The method for determining \(\sigma_i\) is presented in [1] and is related with the perplexity parameter.
Low-dimensional mapping
We wish to obtain \((y_i)_i\) belonging to a two-dimensional space, where each \(y_i\) represents a point in the plane corresponding to \(x_i\).
We define the similarity between points \(i\) and \(j\) in this space:
\[q_{j \mid i} := \frac{\exp \left( - \| y_i - y_j \|^2 \right)}{\sum_{k \neq i} \exp \left( - \| y_i - y_k \|^2 \right)}.\]We let \(q_{i \mid i}:=0\).
What is a good map from \((x_i)_i\) to \((y_i)_i\)?
A good map from \((x_i)_i\) to \((y_i)_i\) is a map for which distributions \(P_i: j \mapsto p_{j \mid i}\) and \(Q_i: j \mapsto q_{j \mid i}\) are equal (for all \(i\)).
We measure the distance between distributions \(P_i\) and \(Q_i\) with the Kullback-Leibler divergence:
\[\text{KL}(P_i \mid \mid Q_i) = \sum_{j} p_{j \mid i} \log \frac{p_{j \mid i}}{q_{j \mid i}}.\][See this post for more details].
Since we want to minimize them for all \(i\), we finally define the cost function as:
\[C = \sum_i \text{KL}(P_i \mid \mid Q_i).\]Asymmetry of \(\text{KL}\)
We remember that \(\text{KL}\) divergence is asymmetric (see Fig 3.6. from Deep learning book p.74).

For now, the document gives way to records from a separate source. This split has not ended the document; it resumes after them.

Lemma d_pos_near_m_infty :
  filterlim th (Rbar_locally m_infty) (locally 0) ->
  filterlim y (Rbar_locally m_infty) (locally 0) ->
  filterlim z (Rbar_locally m_infty) (locally 0) ->
  exists T0, forall t, t <= T0 -> 0 < d t.
Proof.
  intros Hth0 Hy0 Hz0.
  pose proof (proj1 (filterlim_m_infty_spec y 0) Hy0) as Ly.
  pose proof (proj1 (filterlim_m_infty_spec z 0) Hz0) as Lz.
  destruct (theta_solution_sin_small_m_infty th Hth Hth0 (1/8) ltac:(lra)) as [T1 HT1].
  destruct (Ly (1/2) ltac:(lra)) as [T2 HT2]. destruct (Lz (1/2) ltac:(lra)) as [T3 HT3].
  set (T0 := Rmin T1 (Rmin T2 T3) - 1).
  assert (HT0 : forall t, t <= T0 -> t < T1 /\ t < T2 /\ t < T3).
  { intros t Ht. pose proof (Rmin_l T1 (Rmin T2 T3)). pose proof (Rmin_r T1 (Rmin T2 T3)).
    pose proof (Rmin_l T2 T3). pose proof (Rmin_r T2 T3). unfold T0 in Ht. lra. }
  (* near [-oo] the slope of the rhs is [<= -1/2], so [d < 0] forces [d' > 0] *)
  assert (Hneg : forall t, t <= T0 -> d t < 0 -> 0 < dd t).
  { intros t Ht Hd. destruct (HT0 t Ht) as [H1 [H2 H3]].
    specialize (HT1 t ltac:(lra)). specialize (HT2 t H2). specialize (HT3 t H3).
    rewrite Rminus_0_r in HT2, HT3. apply Rabs_lt_between in HT2. apply Rabs_lt_between in HT3.
    destruct (dd_mean_value_split t) as [xi [Hxi ->]].
    assert (Hxi' : Rabs xi <= 1/2) by (apply Rabs_le, (between_min_max _ _ _ _ _ Hxi); lra).
    pose proof (theta_rhs_dx_le_near_0 a E' Ha ltac:(lra) (th t) xi (proj1 (Hth t)) ltac:(lra) Hxi').
    pose proof (gap_pos t). nra. }
  assert (Hnonneg : forall t1, t1 <= T0 -> 0 <= d t1).
  { intros t1 Ht1. apply Rnot_lt_le. intro Hlt.
    (* [d] cannot come back up to [d t1] before [t1], so it stays [<= d t1 < 0] near [-oo] *)
    assert (Hall : forall t, t <= t1 -> d t <= d t1).
    { intros t Ht. apply Rnot_lt_le. intro Hgt.
      destruct (downcrossing d dd t t1 (d t1)) as [v [Hv [Hdv Hddv]]];
        [exact d_is_derive | destruct (Req_dec t t1) as [->|]; lra | exact Hgt | lra |].
      specialize (Hneg v ltac:(lra) ltac:(lra)). lra. }
    destruct (Ly (- d t1 / 2) ltac:(lra)) as [T4 HT4].
    destruct (Lz (- d t1 / 2) ltac:(lra)) as [T5 HT5].
    set (t := Rmin t1 (Rmin T4 T5) - 1).
    pose proof (Rmin_l t1 (Rmin T4 T5)). pose proof (Rmin_r t1 (Rmin T4 T5)).
    pose proof (Rmin_l T4 T5). pose proof (Rmin_r T4 T5).
    specialize (HT4 t ltac:(unfold t; lra)). specialize (HT5 t ltac:(unfold t; lra)).
    rewrite Rminus_0_r in HT4, HT5. apply Rabs_lt_between in HT4. apply Rabs_lt_between in HT5.
    specialize (Hall t ltac:(unfold t; lra)). unfold d in *. lra. }
  exists T0. intros t Ht. destruct (Hnonneg t Ht) as [|Heq]; [assumption|].
  destruct (is_derive_pos_strict_incr d t (dd t) 1 (d_is_derive t) (dd_pos_of_d_zero t (eq_sym Heq))
              ltac:(lra))
    as [[w [Hw Hdw]] _].
  specialize (Hnonneg w ltac:(lra)). lra.
Qed.

Lemma Theta_comparison :
  filterlim th (Rbar_locally m_infty) (locally 0) ->
  filterlim y (Rbar_locally m_infty) (locally 0) ->
  filterlim z (Rbar_locally m_infty) (locally 0) ->
  forall t, z t < y t.
Proof.
  intros Hth0 Hy0 Hz0 t. enough (0 < d t) by (unfold d in *; lra).
  destruct (d_pos_near_m_infty Hth0 Hy0 Hz0) as [T0 HT0].
  destruct (Rle_or_lt t T0) as [|Ht]; [now apply HT0|].
  apply Rnot_le_lt. intro Hle.
  destruct (downcrossing d dd T0 t 0) as [v [Hv [Hdv Hddv]]];
    [exact d_is_derive | exact Ht | apply HT0; lra | exact Hle |].
  specialize (dd_pos_of_d_zero v Hdv). lra.
Qed.

Hypothesis Hzy : forall t, z t < y t.
Hypothesis Hyneg : forall t, y t < 0.
Hypothesis Hthpi : filterlim th (Rbar_locally p_infty) (locally PI).

Let K := 4 * a + 2 * Rabs lam.

Lemma K_sin_small al : 0 < al <= 1/4 -> exists T, forall t, T <= t -> K * sin (th t) <= sin al / 2.
Proof.
  intro Hal. assert (HK : 0 <= K) by (unfold K; pose proof (Rabs_pos lam); lra).
  assert (Hs0 : 0 < sin al) by (apply sin_gt_0; pose proof PI2_1; lra).
  destruct (theta_solution_sin_small_p_infty th Hth Hthpi (sin al / 2 / (K + 1))) as [T HT].
  { apply Rdiv_lt_0_compat; lra. }
  exists T. intros t Ht. specialize (HT t Ht). pose proof (sin_pos_bounded _ (proj1 (Hth t))).
  left. apply (mult_lt_of_lt_div K); lra.
Qed.

Lemma Theta_stays_above c al T t2 : 0 < al <= 1/4 -> - PI + 1/4 <= c <= - al ->
  (forall t, T <= t -> K * sin (th t) <= sin al / 2) -> T <= t2 -> c < y t2 ->
  forall t, t2 <= t -> c < y t.
Proof.
  intros Hal Hc HT Ht2 Hy2 t Ht. apply Rnot_le_lt. intro Hle.
  destruct (downcrossing y (fun s => theta_rhs a E' lam (th s) (y s)) t2 t c) as [v [Hv [Hyv Hdv]]];
    [exact Hy | destruct (Req_dec t t2) as [->|]; lra | exact Hy2 | exact Hle |].
  rewrite Hyv in Hdv.
  pose proof (theta_rhs_ge_band a E' lam Ha ltac:(lra) (th v) c al (proj1 (Hth v)) Hal Hc
                (HT v ltac:(lra))).
  assert (0 < sin al) by (apply sin_gt_0; pose proof PI2_1; lra). lra.
Qed.

Lemma Theta_rises_above al T : 0 < al <= 1/4 ->
  (forall t, T <= t -> K * sin (th t) <= sin al / 2) ->
  (forall t, T <= t -> - PI + 1/4 < y t) -> exists t2, T <= t2 /\ - al < y t2.
Proof.
  intros Hal HT Hlow. pose proof PI2_1. apply NNPP. intro Hno.
  assert (Hup : forall t, T <= t -> y t <= - al)
    by (intros t Ht; apply Rnot_lt_le; intro Hlt; apply Hno; exists t; split; assumption).
  assert (Hs : 0 < sin al) by (apply sin_gt_0; lra).
  (* below [-al] the rhs is [>= sin al / 2], so [y] would climb past [0] *)
  set (t3 := T + (PI + 1) / (sin al / 2)).
  assert (Ht3 : T <= t3)
    by (unfold t3; assert (0 < (PI + 1) / (sin al / 2)) by (apply Rdiv_lt_0_compat; lra); lra).
  assert (Hgrow : y T + sin al / 2 * (t3 - T) <= y t3).
  { apply (derive_ge_linear_growth y (fun s => theta_rhs a E' lam (th s) (y s)));
      [exact Ht3 | intros; apply Hy|].
    intros s Hs'.
    apply (theta_rhs_ge_band a E' lam Ha ltac:(lra) (th s) (y s) al); [apply Hth | exact Hal | |].
    - split; [left; apply Hlow | apply Hup]; lra.
    - apply HT. lra. }
  assert (sin al / 2 * (t3 - T) = PI + 1) by (unfold t3; field; lra).
  pose proof (Hlow T ltac:(lra)). pose proof (Hyneg t3). lra.
Qed.

Hypothesis Hzpi : filterlim z (Rbar_locally p_infty) (locally (- PI)).

(* If [y] stayed near [-PI] with [z], the slope [>= 1/2] there would make [d = y - z]
   grow linearly, while [0 < d < 1/2]. *)
Lemma Theta_leaves_mpi T : exists t1, T <= t1 /\ - PI + 1/2 <= y t1.
Proof.
  destruct (theta_solution_sin_small_p_infty th Hth Hthpi (1/8) ltac:(lra)) as [Ta HTa].
  destruct (proj1 (filterlim_p_infty_spec z (- PI)) Hzpi (1/2) ltac:(lra)) as [Tc HTc].
  set (T1 := Rmax T (Rmax Ta Tc) + 1).
  assert (HT1 : T <= T1 /\ Ta < T1 /\ Tc < T1)
    by (unfold T1; pose proof (Rmax_l T (Rmax Ta Tc)); pose proof (Rmax_r T (Rmax Ta Tc));
        pose proof (Rmax_l Ta Tc); pose proof (Rmax_r Ta Tc); lra).
  apply NNPP. intro Hno.
  assert (Hlow : forall t, T1 <= t -> y t < - PI + 1/2)
    by (intros t Ht; apply Rnot_le_lt; intro Hge; apply Hno; exists t; split; [lra | exact Hge]).
  assert (Hdd : forall t, T1 <= t -> d t / 2 <= dd t).
  { intros t Ht. pose proof (Hzr t). pose proof (Hzy t). pose proof (Hlow t Ht).
    specialize (HTc t ltac:(lra)). apply Rabs_lt_between in HTc.
    destruct (dd_mean_value_split t) as [xi [Hxi ->]].
    assert (Hxb : - PI <= xi <= - PI + 1/2) by (apply (between_min_max _ _ _ _ _ Hxi); lra).
    pose proof (theta_rhs_dx_ge_near_mpi a E' Ha ltac:(lra) (th t) xi (proj1 (Hth t))
                  ltac:(left; apply HTa; lra) Hxb).
    pose proof (gap_pos t). unfold d. nra. }
  assert (HdT1 : 0 < d T1) by (unfold d; pose proof (Hzy T1); lra).
  assert (Hmono : forall t, T1 <= t -> d T1 <= d t).
  { intros t Ht. apply (derive_nonneg_le d dd T1 t Ht); [intros; apply d_is_derive|].
    intros s Hs. specialize (Hdd s ltac:(lra)). pose proof (Hzy s). unfold d in *. lra. }
  set (t2 := T1 + 1 / d T1).
  assert (Ht2 : T1 <= t2) by (unfold t2; assert (0 < 1 / d T1) by (apply Rdiv_lt_0_compat; lra); lra).
  assert (Hgrow : d T1 + d T1 / 2 * (t2 - T1) <= d t2).
  { apply (derive_ge_linear_growth d dd); [exact Ht2 | intros; apply d_is_derive|].
    intros s Hs. specialize (Hdd s ltac:(lra)). specialize (Hmono s ltac:(lra)). lra. }
  assert (d T1 / 2 * (t2 - T1) = 1/2) by (unfold t2; field; lra).
  pose proof (Hlow t2 Ht2). pose proof (Hzr t2). unfold d in *. lra.
Qed.

Theorem Theta_unstable_to_0 : filterlim y (Rbar_locally p_infty) (locally 0).
Proof.
  pose proof PI2_1. pose proof PI_4.
  destruct (K_sin_small (1/4) ltac:(lra)) as [Tb HTb].
  destruct (Theta_leaves_mpi Tb) as [t1 [Ht1 Hyt1]].
  assert (Habove : forall t, t1 <= t -> - PI + 1/4 < y t)
    by (apply (Theta_stays_above (- PI + 1/4) (1/4) Tb); [lra | lra | exact HTb | exact Ht1 | lra]).
  apply filterlim_p_infty_spec. intros eps Heps.
  set (eta := Rmin eps (1/4)).
  assert (Heta : 0 < eta <= 1/4) by (unfold eta; split; [apply Rmin_pos | apply Rmin_r]; lra).
  assert (Heta_eps : eta <= eps) by (unfold eta; apply Rmin_l).
  destruct (K_sin_small (eta / 2) ltac:(lra)) as [Te HTe].
  set (T2 := Rmax Te t1).
  assert (HT2 : Te <= T2 /\ t1 <= T2) by (unfold T2; split; [apply Rmax_l | apply Rmax_r]).
  destruct (Theta_rises_above (eta / 2) T2 ltac:(lra) ltac:(intros; apply HTe; lra)
              ltac:(intros; apply Habove; lra))
    as [t2 [Ht2 Hyt2]].
  exists t2. intros t Ht.
  assert (- eta < y t)
    by (apply (Theta_stays_above (- eta) (eta / 2) Te t2); [lra | lra | exact HTe | lra | lra | lra]).
  pose proof (Hyneg t). rewrite Rminus_0_r, Rabs_left by lra. lra.
Qed.

End Comparison.

Lemma connector_along a E lam thc zc th :
  theta_solution thc -> Theta_solution a E lam thc zc -> theta_solution th ->
  filterlim zc (Rbar_locally m_infty) (locally 0) -> omega_limit thc zc PI (- PI) ->
  exists z, Theta_solution a E lam th z /\ filterlim z (Rbar_locally m_infty) (locally 0) /\
    omega_limit th z PI (- PI).
Proof.
  intros Htc Hzc Ht Hzc0 [Hthcpi Hzcpi].
  destruct (theta_solution_translate thc th Htc Ht) as [c Hc].
  exists (fun t => zc (t + c)). split; [|split; [|split]].
  - intro t. rewrite Hc. apply is_derive_shift, Hzc.
  - now apply filterlim_m_infty_shift.
  - apply (filterlim_ext (fun t => thc (t + c))); [intro t; now rewrite Hc|].
    now apply filterlim_p_infty_shift.
  - now apply filterlim_p_infty_shift.
Qed.

Lemma unstable_omega_limit a E E' lam th Th z :
  0 < a < 1/2 -> 0 < E <= 1 -> 0 <= E' < E -> lam <= -1 + a ->
  theta_solution th -> Theta_solution a E' lam th Th -> alpha_limit th Th 0 0 ->
  Theta_solution a E lam th z -> filterlim z (Rbar_locally m_infty) (locally 0) ->
  omega_limit th z PI (- PI) -> omega_limit th Th PI 0.
Proof.
  intros Ha HE HE' Hlam Ht HTh [Hth0 HTh0] Hz Hz0 [Hthpi Hzpi].
  assert (Hzr : forall t, - PI < z t < 0).
  { intro t. split.
    - exact (Theta_stable_above_mpi a E lam th Ha ltac:(lra) Ht Hlam z Hz Hzpi t).
    - exact (Theta_unstable_neg a E lam th Ha ltac:(lra) Ht Hlam z Hz Hz0 t). }
  assert (Hzy : forall t, z t < Th t) by (apply (Theta_comparison a E E' lam th Th z); auto).
  split; [exact Hthpi|].
  apply (Theta_unstable_to_0 a E E' lam th Th z); auto.
  exact (Theta_unstable_neg a E' lam th Ha ltac:(lra) Ht Hlam Th HTh HTh0).
Qed.

Theorem proposition5 (a E lam : R) :
  0 < a < 1 / 2 -> 0 < E <= 1 -> lam <= -1 + a ->
  saddles_connector a E lam ->
  forall E' : R, 0 <= E' < E -> corridor_K1 a E' lam 0.
Proof.
  intros Ha HE Hlam [thc [zc [Hsc [[Hthc0 Hzc0] Homega]]]] E' HE'.
  apply strip_solutionP in Hsc as [Htc Hzc].
  split.
  - destruct (Theta_unstable_exists a E' lam thc Ha ltac:(lra) Hlam Htc Hthc0) as [Y [HY HY0]].
    exists thc, Y. split; [now apply strip_solutionP | split; assumption].
  - intros th Th Hs Halpha. apply strip_solutionP in Hs as [Ht HTh].
    destruct (connector_along a E lam thc zc th Htc Hzc Ht Hzc0 Homega) as [z [Hz [Hz0 Hzomega]]].
    pose proof (unstable_omega_limit a E E' lam th Th z Ha HE HE' Hlam Ht HTh Halpha Hz Hz0 Hzomega)
      as [Hthpi HTh_pi].
    split.
    + intros [_ Hmpi]. pose proof (p_infty_limit_unique Th _ _ Hmpi HTh_pi). pose proof PI_RGT_0.
      lra.
    + split; [exact Hthpi|]. replace (- 2 * PI * IZR 0) with 0 by (simpl; ring). exact HTh_pi.
Qed.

In SNE, we focus on choosing a distribution \(Q_i\) which fairly represents the whole distribution \(P_i\), so we optimize \(\text{KL}(P_i \mid \mid Q_i)\).
This means:
- If we use widely separated 2D points to represent nearby datapoints, there will be a large cost (i.e. we have a small \(q_{j \mid i}\) to model a large \(p_{j \mid i}\), i.e. the points are far away in \(Y\) but close in \(X\)),
- If we use nearby 2D points to represent widely separated datapoints, there will be a small cost (i.e. we have a large \(q_{j \mid i}\) to model a small \(p_{j \mid i}\), i.e. the points are close in \(Y\) but far away in \(X\)).
On the whole, “the SNE cost function focuses on retaining the local structure of the data in the map”.
Gradient descent
The cost function is optimized with a variant of the classic gradient descent (see [1] for details).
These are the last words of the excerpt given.